How to Prepare for a July Rally
Whoa, what a trading session! Friday sent stock prices soaring: the S&P 500 climbed 2.49% on the day, ringing the record for the single biggest daily gain of 2012. And as I write today, markets all over the world are quietly shoving higher in the first trading day of July.
Even though the S&P is looking a little bit timid today, there’s an important question on investors’ minds: “Should I buy in July?”
Today I’ll show you how the market trying to trend higher using two simple charts…
Rewind back a bit to the last time I updated you on the big picture for the market, back on June 18. Back then, I showed you a chart of the S&P 500, and explained why it was looking “bottomy”. In other words, I said that, “it looks like the market is reversing and turning higher right now.” Here’s an updated look at what Mr. Market looks like:
In the chart, I’ve labeled three horizontal price levels, 1, 2, and 3. I won’t bore you with the details of those levels here, but suffice it to say that they’re levels that act as price barriers for the S&P 500. I’ve also written in the head and shoulders labels from the column I wrote back in June.

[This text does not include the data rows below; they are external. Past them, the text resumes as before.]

Lemma tens1mx1 n k : (1%:M : 'M[C]_n) *t (1%:M : 'M[C]_k) = 1%:M.
Proof.
apply/matrixP => p q.
case: (mxtens_indexP p) => a i; case: (mxtens_indexP q) => b j.
rewrite tensmxE !mxE (inj_eq (can_inj (@mxtens_indexK _ _))) xpair_eqE.
by case: (a == b); case: (i == j); rewrite ?mulr1 ?mulr0 ?mul0r.
Qed.

(* [Psi] is the convex combination [sum_i t_i |phi_i><phi_i|] of pure states as
   far as observables of the form [M (x) 1] can tell. *)
Definition tens_mixture n k (Psi : 'cV[C]_(n * k)) (t : 'I_k -> R)
    (phi : 'I_k -> 'cV[C]_n) :=
  forall M, qform (M *t 1%:M) Psi = \sum_i (t i)%:C%C * qform M (phi i).

Lemma tens_mixture_glue n k (t : 'I_k -> R) (phi : 'I_k -> 'cV[C]_n) :
  (forall i, 0 <= t i) -> \sum_i t i = 1 -> (forall i, unit_vec (phi i)) ->
  exists2 Psi, unit_vec Psi & tens_mixture Psi t phi.
Proof.
move=> t_ge0 t_sum1 phi_unit.
have mix : tens_mixture (tens_glue (fun i => (Num.sqrt (t i))%:C%C *: phi i)) t phi.
  move=> M; rewrite qform_tens1; apply: eq_bigr => i _.
  by rewrite tens_glueK qformZr -expr2 sqr_sqrtr.
exists (tens_glue (fun i => (Num.sqrt (t i))%:C%C *: phi i)) => //.
apply/unit_vecE; rewrite -tens1mx1 mix.
under eq_bigr => i _ do rewrite (proj1 (unit_vecE _) (phi_unit i)) mulr1.
by rewrite -rmorph_sum /= t_sum1.
Qed.

Lemma tens_mixture_decomp n k (Psi : 'cV[C]_(n * k)) : unit_vec Psi ->
  exists t : 'I_k -> R, exists phi : 'I_k -> 'cV[C]_n,
  [/\ (forall i, 0 <= t i), \sum_i t i = 1, (forall i, unit_vec (phi i)) &
      tens_mixture Psi t phi].
Proof.
move=> /unit_vecE Psi_unit.
pose t i := complex.Re (qform 1%:M (tens_block Psi i)).
have t_ge0 i : 0 <= t i by rewrite -lecR -qform1_real qform1_ge0.
have t_sum1 : \sum_i t i = 1.
  apply: complexI; rewrite rmorph_sum /=.
  by under eq_bigr do rewrite -qform1_real; rewrite -qform_tens1 tens1mx1 Psi_unit.
have [i0 t_i0] : exists i0, 0 < t i0.
  apply: contrapT => no_pos; suff : \sum_i t i <= 0 by rewrite t_sum1 ler10.
  by apply: sumr_le0 => i _; rewrite leNgt; apply/negP => ?; apply: no_pos; exists i.
have [phi0 phi0_unit _] := unit_vec_normalize t_i0.
have /choice[phi phiP] : forall i, exists phi, unit_vec phi /\
    tens_block Psi i = (Num.sqrt (t i))%:C%C *: phi.
  by move=> i; have [phi ? ?] := unit_vec_scale (tens_block Psi i) phi0_unit; exists phi.
exists t, phi; split => // [i | M]; first by case: (phiP i).
rewrite qform_tens1; apply: eq_bigr => i _.
by case: (phiP i) => _ ->; rewrite qformZr -expr2 sqr_sqrtr.
Qed.

End TensorBlocks.

Section RealParts.
Variable R : rcfType.
Local Notation C := R[i].

Lemma expectE n (W : 'M[C]_n) psi : expect W psi = complex.Re (qform W psi).
Proof. by []. Qed.

Lemma iota_star_proj n m (A : 'I_m -> 'M[C]_n) psi :
  iota_star A (Defs.proj psi) = \row_j complex.Re (qform (A j) psi).
Proof. by apply/matrixP => a j; rewrite !mxE mxtrace_proj. Qed.

Lemma Re_sum_scale k (t : 'I_k -> R) (z : 'I_k -> C) :
  complex.Re (\sum_i (t i)%:C%C * z i) = \sum_i t i * complex.Re (z i).
Proof.
elim/big_rec2: _ => [|i y w _ <-] //.
by case: (z i) => a b; case: w => c d /=; rewrite mul0r subr0.
Qed.

Lemma tens_mixture_iota_star n m k (A : 'I_m -> 'M[C]_n) Psi t phi :
  tens_mixture Psi t phi ->
  iota_star (bar_iota k A) (Defs.proj Psi) = \sum_i t i *: iota_star A (Defs.proj (phi i)).
Proof.
move=> mix; apply/matrixP => a j.
rewrite iota_star_proj !mxE summxE mix Re_sum_scale.
by apply: eq_bigr => i _; rewrite iota_star_proj !mxE.
Qed.

Lemma tens_mixture_expect n k (W : 'M[C]_n) Psi t phi :
  tens_mixture Psi t phi -> expect (bar_W k W) Psi = \sum_i t i * expect W (phi i).
Proof. by move=> mix; rewrite expectE mix Re_sum_scale. Qed.

End RealParts.

Section PureFunctional.
Variables (R : realType) (n m : nat) (A : 'I_m -> 'M[R[i]]_n) (W : 'M[R[i]]_n).

Let fibre_energies x :=
  [set expect W psi | psi in [set psi | unit_vec psi /\ iota_star A (Defs.proj psi) = x]].

Lemma Fp_le_expect psi : unit_vec psi -> Fp A W (iota_star A (Defs.proj psi)) <= expect W psi.
Proof.
move=> psi_unit; have [B B_le] := qform_unit_vec_bounded W.
apply: (@ge_inf _ (fibre_energies _)); last by exists psi.
by exists (- B) => _ [phi [phi_unit _] <-]; apply: B_le.
Qed.

Lemma le_Fp c x : pure_dom A x ->
  (forall psi, unit_vec psi -> iota_star A (Defs.proj psi) = x -> c <= expect W psi) ->
  c <= Fp A W x.
Proof.
move=> [psi [psi_unit psi_x]] c_le; apply: (@lb_le_inf _ (fibre_energies x)).
  by exists (expect W psi), psi.
by move=> _ [phi [phi_unit phi_x] <-]; apply: c_le.
Qed.

Lemma Fp_bounded : exists B, forall x, pure_dom A x -> - B <= Fp A W x.
Proof.
have [B B_le] := qform_unit_vec_bounded W.
by exists B => x x_pure; apply: le_Fp => // psi psi_unit _; apply: B_le.
Qed.

Lemma Fp_approx x e : pure_dom A x -> 0 < e -> exists psi,
  [/\ unit_vec psi, iota_star A (Defs.proj psi) = x & expect W psi < Fp A W x + e].
Proof.
move=> [psi [psi_unit psi_x]] e_gt0.
have energies_x : fibre_energies x !=set0 by exists (expect W psi), psi.
have Fp_lt : Fp A W x < Fp A W x + e by rewrite ltrDl.
have [_ [phi [phi_unit phi_x] <-] phi_lt] := inf_lt energies_x Fp_lt.
by exists phi.
Qed.

End PureFunctional.

Section ConvexHull.
Variables (R : realType) (m k : nat) (X : set 'rV[R]_m) (f : 'rV[R]_m -> R).

Lemma convk_fun_le c s (t : 'I_k -> R) (x : 'I_k -> 'rV[R]_m) :
  (forall y, X y -> c <= f y) -> (forall i, X (x i)) -> (forall i, 0 <= t i) ->
  \sum_i t i = 1 -> s = \sum_i t i *: x i ->
  convk_fun k X f s <= \sum_i t i * f (x i).
Proof.
move=> c_le Xx t_ge0 t_sum1 s_def; apply: ge_inf; last by exists t, x.
exists c => _ [t' [x' [Xx' [t'_ge0 [t'_sum1 [_ ->]]]]]].
rewrite -[c]mul1r -t'_sum1 mulr_suml; apply: ler_sum => i _.
by rewrite ler_wpM2l ?c_le.
Qed.

Lemma le_convk_fun c s : convk_dom k X s ->
  (forall (t : 'I_k -> R) (x : 'I_k -> 'rV[R]_m), (forall i, X (x i)) ->
     (forall i, 0 <= t i) -> \sum_i t i = 1 -> s = \sum_i t i *: x i ->
     c <= \sum_i t i * f (x i)) ->
  c <= convk_fun k X f s.
Proof.
move=> [t [x [Xx [t_ge0 [t_sum1 s_def]]]]] c_le; apply: lb_le_inf.
  by exists (\sum_i t i * f (x i)), t, x.
by move=> _ [t' [x' [Xx' [t'_ge0 [t'_sum1 [s_def' ->]]]]]]; apply: c_le.
Qed.

End ConvexHull.

Section Convexification.
Variables (R : realType) (n m k : nat) (A : 'I_m -> 'M[R[i]]_n) (W : 'M[R[i]]_n).

Lemma convk_pure_dom : convk_dom k (pure_dom A) = pure_dom (bar_iota k A).
Proof.
apply/seteqP; split => s.
  move=> [t [x [x_pure [t_ge0 [t_sum1 ->]]]]].
  have /choice[phi phiP] := x_pure.
  have [Psi Psi_unit mix] := tens_mixture_glue t_ge0 t_sum1 (fun i => (phiP i).1).
  exists Psi; split => //; rewrite (tens_mixture_iota_star _ mix).
  by apply: eq_bigr => i _; rewrite (phiP i).2.
move=> [Psi [Psi_unit <-]].
have [t [phi [t_ge0 t_sum1 phi_unit mix]]] := tens_mixture_decomp Psi_unit.
exists t, (fun i => iota_star A (Defs.proj (phi i))); split; first by move=> i; exists (phi i).
by rewrite (tens_mixture_iota_star _ mix).
Qed.

Lemma convk_Fp_le_Fp_bar s : pure_dom (bar_iota k A) s ->
  convk_fun k (pure_dom A) (Fp A W) s <= Fp (bar_iota k A) (bar_W k W) s.
Proof.
move=> s_pure; apply: le_Fp => // Psi Psi_unit Psi_s.
have [t [phi [t_ge0 t_sum1 phi_unit mix]]] := tens_mixture_decomp Psi_unit.
have [B B_le] := Fp_bounded A W.
rewrite (tens_mixture_expect _ mix).
apply: le_trans (convk_fun_le B_le _ t_ge0 t_sum1 _) _.
- by move=> i; exists (phi i).
- by rewrite -Psi_s (tens_mixture_iota_star _ mix).
by apply: ler_sum => i _; rewrite ler_wpM2l ?Fp_le_expect.
Qed.

Lemma Fp_bar_le_convk_Fp s : pure_dom (bar_iota k A) s ->
  Fp (bar_iota k A) (bar_W k W) s <= convk_fun k (pure_dom A) (Fp A W) s.
Proof.
rewrite -convk_pure_dom => s_conv.
apply: le_convk_fun => // t x x_pure t_ge0 t_sum1 s_def.
apply/ler_addgt0Pr => e e_gt0.
have /choice[phi phiP] : forall i, exists phi, [/\ unit_vec phi,
    iota_star A (Defs.proj phi) = x i & expect W phi < Fp A W (x i) + e].
  by move=> i; exact: Fp_approx.
have phi_unit i : unit_vec (phi i) by case: (phiP i).
have [Psi Psi_unit mix] := tens_mixture_glue t_ge0 t_sum1 phi_unit.
have -> : s = iota_star (bar_iota k A) (Defs.proj Psi).
  rewrite (tens_mixture_iota_star _ mix) s_def.
  by apply: eq_bigr => i _; case: (phiP i) => _ ->.
apply: le_trans (Fp_le_expect _ _ Psi_unit) _; rewrite (tens_mixture_expect _ mix).
rewrite -[e]mul1r -t_sum1 mulr_suml -big_split /=; apply: ler_sum => i _.
by rewrite -mulrDr ler_wpM2l //; case: (phiP i) => _ _ /ltW.
Qed.

End Convexification.

Theorem proposition2p40 (R : realType) (n m k : nat)
  (A : 'I_m -> 'M[R[i]]_n) (W : 'M[R[i]]_n)
  (hA : forall j, is_hermitian (A j)) (hW : is_hermitian W) (hk : (0 < k)%N) :
  convk_dom k (pure_dom A) = pure_dom (bar_iota k A) /\
  (forall s, pure_dom (bar_iota k A) s ->
     convk_fun k (pure_dom A) (Fp A W) s = Fp (bar_iota k A) (bar_W k W) s).
Proof.
split; first exact: convk_pure_dom.
by move=> s s_pure; apply: le_anti; rewrite convk_Fp_le_Fp_bar ?Fp_bar_le_convk_Fp.
Qed.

The important thing is that from the time our head and shoulders pattern started forming, it never fell down below the right shoulder (line 1). Because the market held up above that level, we knew that our upside pattern was still valid, even though the market was reversing lower. Also critical is the fact that the S&P pushed above line 3 on Friday. The fact that Mr. Market closed above that barrier means that buying pressure is strong.
That may come as a surprise to some people. Let’s not forget the context of last week’s move: the market had been sliding lower since late March, and it looked like June was going to end by pushing lower. Sentiment was bad and investors were fleeing the market in droves. That brings us to our next chart:
This chart comes from the folks at SentimenTrader. It shows trading volume in inverse ETFs. These are bearish exchange traded funds that gain in price when the market falls. As you can see from the chart, whenever inverse ETF volume has spiked above 0.5% of all U.S. exchange volume (a sign that the crowd is piling into bearish bets), it’s signaled a short-term bottom for the market.

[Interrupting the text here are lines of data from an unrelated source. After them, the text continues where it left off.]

(* Assume $FCA$. Then there is an entangled set of reals.
   Context: For $k\in\omega$, $t:k\to\{>,<\}$ and disjoint $a=\{a_0<\dots<a_{k-1}\}$, $b=\{b_0<\dots<b_{k-1}\}$ in $[\mathbb R]^k$ (increasing enumerations), $(a,b)$ realizes $t$ if $a_i\ t(i)\ b_i$ for every $i<k$. An uncountable $\mathcal E\subseteq\mathbb R$ is $k$-entangled if for every uncountable family $\mathcal A\subseteq[\mathcal E]^k$ of pairwise disjoint sets and every $t:k\to\{>,<\}$ there are $a\neq b$ in $\mathcal A$ such that $(a,b)$ realizes $t$; it is entangled if it is $k$-entangled for every $k\in\omega$. A type is a sequence $\tau=\{(m_k,n_{k+1},r_{k+1})\}_{k\in\omega}$ of natural numbers with $m_0=1$; $n_k\ge2$ for $k\ge1$; every $r\in\omega$ equals $r_k$ for infinitely many $k$; $m_k>r_{k+1}$; and $m_{k+1}=r_{k+1}+(m_k-r_{k+1})n_{k+1}$ for all $k$. For a set of ordinals $X$ and $\mathcal F\subseteq[X]^{<\omega}$, $\mathcal F_k$ is the set of elements of rank $k$ in $(\mathcal F,\subsetneq)$; $A\sqsubseteq B$ means $A\subseteq B$ and every element of $B$ below an element of $A$ is in $A$; $A<B$ means every element of $A$ is below every element of $B$. $\mathcal F$ is a construction scheme over $X$ of type $\tau$ if (1) every finite subset of $X$ lies in a member of $\mathcal F$; (2) $|F|=m_k$ for $F\in\mathcal F_k$; (3) $E\cap F\sqsubseteq E,F$ for $E,F\in\mathcal F_k$; (4) each $F\in\mathcal F_{k+1}$ is the union of uniquely determined $F_0,\dots,F_{n_{k+1}-1}\in\mathcal F_k$ forming a $\Delta$-system with root $R(F)$, $|R(F)|=r_{k+1}$, $R(F)<F_0\setminus R(F)<\dots<F_{n_{k+1}-1}\setminus R(F)$. For a construction scheme $\mathcal F$ over $\omega_1$, $l\ge1$, $F\in\mathcal F_l$ and finite $\mathcal C\subseteq[\omega_1]^{<\omega}$: $F$ fully captures $\mathcal C$ if $|\mathcal C|=n_l$ and $\mathcal C$ can be enumerated as $\{c_i\}_{i<n_l}$ with $c_i\subseteq F_i$, $c_i\setminus R(F)\neq\emptyset$ and $\phi_i[c_0]=c_i$ where $\phi_i:F_0\to F_i$ is the increasing bijection. $\mathcal F$ is fully capturing if for every uncountable $S\subseteq[\omega_1]^{<\omega}$ and every $k\in\omega$ there are a finite $\mathcal C\subseteq S$, $l>k$ and $F\in\mathcal F_l$ fully capturing $\mathcal C$. $FCA$ is the statement: for every type $\tau$ there is a fully capturing construction scheme over $\omega_1$ of type $\tau$. *)

(* concrete reals R; finite sets represented by strictly
   increasing lists (their increasing enumerations). *)
From Stdlib Require Import Reals List Sorting.Sorted Arith.
Import ListNotations.
Set Implicit Arguments.

Definition countable_pred {T : Type} (P : T -> Prop) : Prop :=
  exists f : T -> nat, forall x y, P x -> P y -> f x = f y -> x = y.

Definition is_omega1 (W : Type) (lt : W -> W -> Prop) : Prop :=
  (forall x, ~ lt x x) /\
  (forall x y z, lt x y -> lt y z -> lt x z) /\
  (forall x y, lt x y \/ x = y \/ lt y x) /\
  well_founded lt /\
  ~ countable_pred (fun _ : W => True) /\
  (forall x, countable_pred (fun y => lt y x)).

(* Types tau = ((m_k, n_{k+1}, r_{k+1}))_k, given by three sequences;
   n 0 and r 0 are irrelevant. *)
Definition is_type (m n r : nat -> nat) : Prop :=
  m 0 = 1 /\
  (forall k, 1 <= k -> 2 <= n k) /\
  (forall v N, exists k, N < k /\ r k = v) /\
  (forall k, r (S k) < m k) /\
  (forall k, m (S k) = r (S k) + (m k - r (S k)) * n (S k)).

Section FiniteSets.
Variable W : Type.
Variable lt : W -> W -> Prop.

Definition ssub (A B : list W) : Prop := incl A B /\ ~ incl B A.

Definition chain_below (Fam : list W -> Prop) (A : list W) (k : nat) : Prop :=
  exists c : nat -> list W,
    (forall i, i < k -> Fam (c i)) /\
    (forall i, S i < k -> ssub (c i) (c (S i))) /\
    (forall i, i < k -> ssub (c i) A).

Definition rank (Fam : list W -> Prop) (A : list W) (k : nat) : Prop :=
  Fam A /\ chain_below Fam A k /\ ~ chain_below Fam A (S k).

Definition cap_initial (E F : list W) : Prop :=
  (forall x y, In x E -> In x F -> In y E -> lt y x -> In y F) /\
  (forall x y, In x E -> In x F -> In y F -> lt y x -> In y E).

Definition decomposition (Fam : list W -> Prop) (n r : nat -> nat) (k : nat)
    (F : list W) (Fs : nat -> list W) (R : list W) : Prop :=
  (forall i, i < n (S k) -> rank Fam (Fs i) k) /\
  (forall x, In x F <-> exists i, i < n (S k) /\ In x (Fs i)) /\
  (forall i j, i < n (S k) -> j < n (S k) -> i <> j ->
     forall x, (In x (Fs i) /\ In x (Fs j)) <-> In x R) /\
  Sorted lt R /\ length R = r (S k) /\
  (forall x y, In x R -> In y (Fs 0) -> ~ In y R -> lt x y) /\
  (forall i, S i < n (S k) -> forall x y,
     In x (Fs i) -> ~ In x R -> In y (Fs (S i)) -> ~ In y R -> lt x y).

Definition construction_scheme (Fam : list W -> Prop) (m n r : nat -> nat) : Prop :=
  (forall A, Fam A -> Sorted lt A) /\
  (forall l : list W, exists A, Fam A /\ incl l A) /\
  (forall k A, rank Fam A k -> length A = m k) /\
  (forall k E F, rank Fam E k -> rank Fam F k -> cap_initial E F) /\
  (forall k F, rank Fam F (S k) ->
     exists Fs R, decomposition Fam n r k F Fs R /\
       (forall Gs R', decomposition Fam n r k F Gs R' ->
          forall i, i < n (S k) -> Gs i = Fs i)).

(* F in Fam_{k+1} fully captures C = {cs 0, ..., cs (n_{k+1}-1)}
   (the cs i pairwise distinct). The increasing bijection
   phi_i : Fs 0 -> Fs i sends the j-th element of Fs 0 to the j-th of Fs i. *)
Definition fully_captures (Fam : list W -> Prop) (n r : nat -> nat) (k : nat)
    (F : list W) (cs : nat -> list W) : Prop :=
  (forall i j, i < n (S k) -> j < n (S k) -> cs i = cs j -> i = j) /\
  exists Fs R, decomposition Fam n r k F Fs R /\
    (forall i, i < n (S k) -> incl (cs i) (Fs i)) /\
    (forall i, i < n (S k) -> exists x, In x (cs i) /\ ~ In x R) /\
    (forall i j x y, i < n (S k) ->
       nth_error (Fs 0) j = Some x -> nth_error (Fs i) j = Some y ->
       (In x (cs 0) <-> In y (cs i))).

Definition fully_capturing (Fam : list W -> Prop) (n r : nat -> nat) : Prop :=
  forall Sf : list W -> Prop,
    (forall A, Sf A -> Sorted lt A) -> ~ countable_pred Sf ->
    forall k, exists l cs F,
      k <= l /\ (* l+1 > k *)
      (forall i, i < n (S l) -> Sf (cs i)) /\
      rank Fam F (S l) /\ fully_captures Fam n r l F cs.

Definition FCA : Prop :=
  forall m n r : nat -> nat, is_type m n r ->
    exists Fam : list W -> Prop,
      construction_scheme Fam m n r /\ fully_capturing Fam n r.

End FiniteSets.

(* Entangled sets of reals. k-subsets of reals = strictly increasing
   lists of length k (their increasing enumerations). *)
Definition realizes (k : nat) (t : nat -> bool) (a b : list R) : Prop :=
  forall i x y, i < k -> nth_error a i = Some x -> nth_error b i = Some y ->
    if t i then Rgt x y else Rlt x y.

Definition k_entangled (E : R -> Prop) (k : nat) : Prop :=
  forall A : list R -> Prop,
    (forall a, A a -> length a = k /\ Sorted Rlt a /\ (forall x, In x a -> E x)) ->
    (forall a b, A a -> A b -> a <> b -> forall x, In x a -> ~ In x b) ->
    ~ countable_pred A ->
    forall t : nat -> bool, exists a b, A a /\ A b /\ a <> b /\ realizes k t a b.

Definition entangled (E : R -> Prop) : Prop :=
  ~ countable_pred E /\ forall k, k_entangled E k.

From Stdlib Require Import Reals List Sorting.Sorted.
From Stdlib Require Import Arith Wf_nat Lia Lra Bool Classical ClassicalEpsilon.
Import ListNotations.

(* Take the type with n_(k+1) = 2 ^ m_k and code each element of omega_1 by a
   real number written in mixed radix, whose digit at level k is the position of
   the element in the rank-k sets of the scheme, enlarged by one bit: if the
   element sits at position j of the block F_i of a rank-(k+1) set F, the bit is
   bit j of i.  Elements at the same position of two rank-l sets share their
   first l digits, so the codes are ordered alike on all rank-l sets, while
   elements at the same position j >= |R(F)| of two blocks F_i, F_i' are
   compared by bit j of i and i'.  Given an uncountable family of pairwise
   disjoint k-sets of codes and a type t, full capturing yields a rank-(l+1) set
   whose blocks F_i contain copies c_i of one pattern of positions; block indices
   i1, i2 whose bits at these positions spell t and its complement give codes of
   c_i1, c_i2 realizing t (positions in the root are excluded by disjointness). *)

Definition same_elements {T : Type} (a b : list T) : Prop := forall x, In x a <-> In x b.

Section StronglySortedLists.
Context {T : Type} {lt : T -> T -> Prop}.
Hypothesis lt_irrefl : forall x, ~ lt x x.
Hypothesis lt_trans : forall {x y z}, lt x y -> lt y z -> lt x z.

We saw the last spike above the 0.5% level just a week or two ago. That supports our reversal call in the S&P 500 this summer…
At this point, I think it’d be a mistake to pile into stocks to fast – we’re not completely out of the woods yet. That said, the market is reversing according to the blueprint that I showed you a few weeks ago. That sets the stage for buyers to start accumulating positions right now. If you’re looking to buy right now, I would look toward the stronger sectors–such as technology names. Names in outperforming sectors have the best chance at becoming the new market leaders if stocks continue to rally.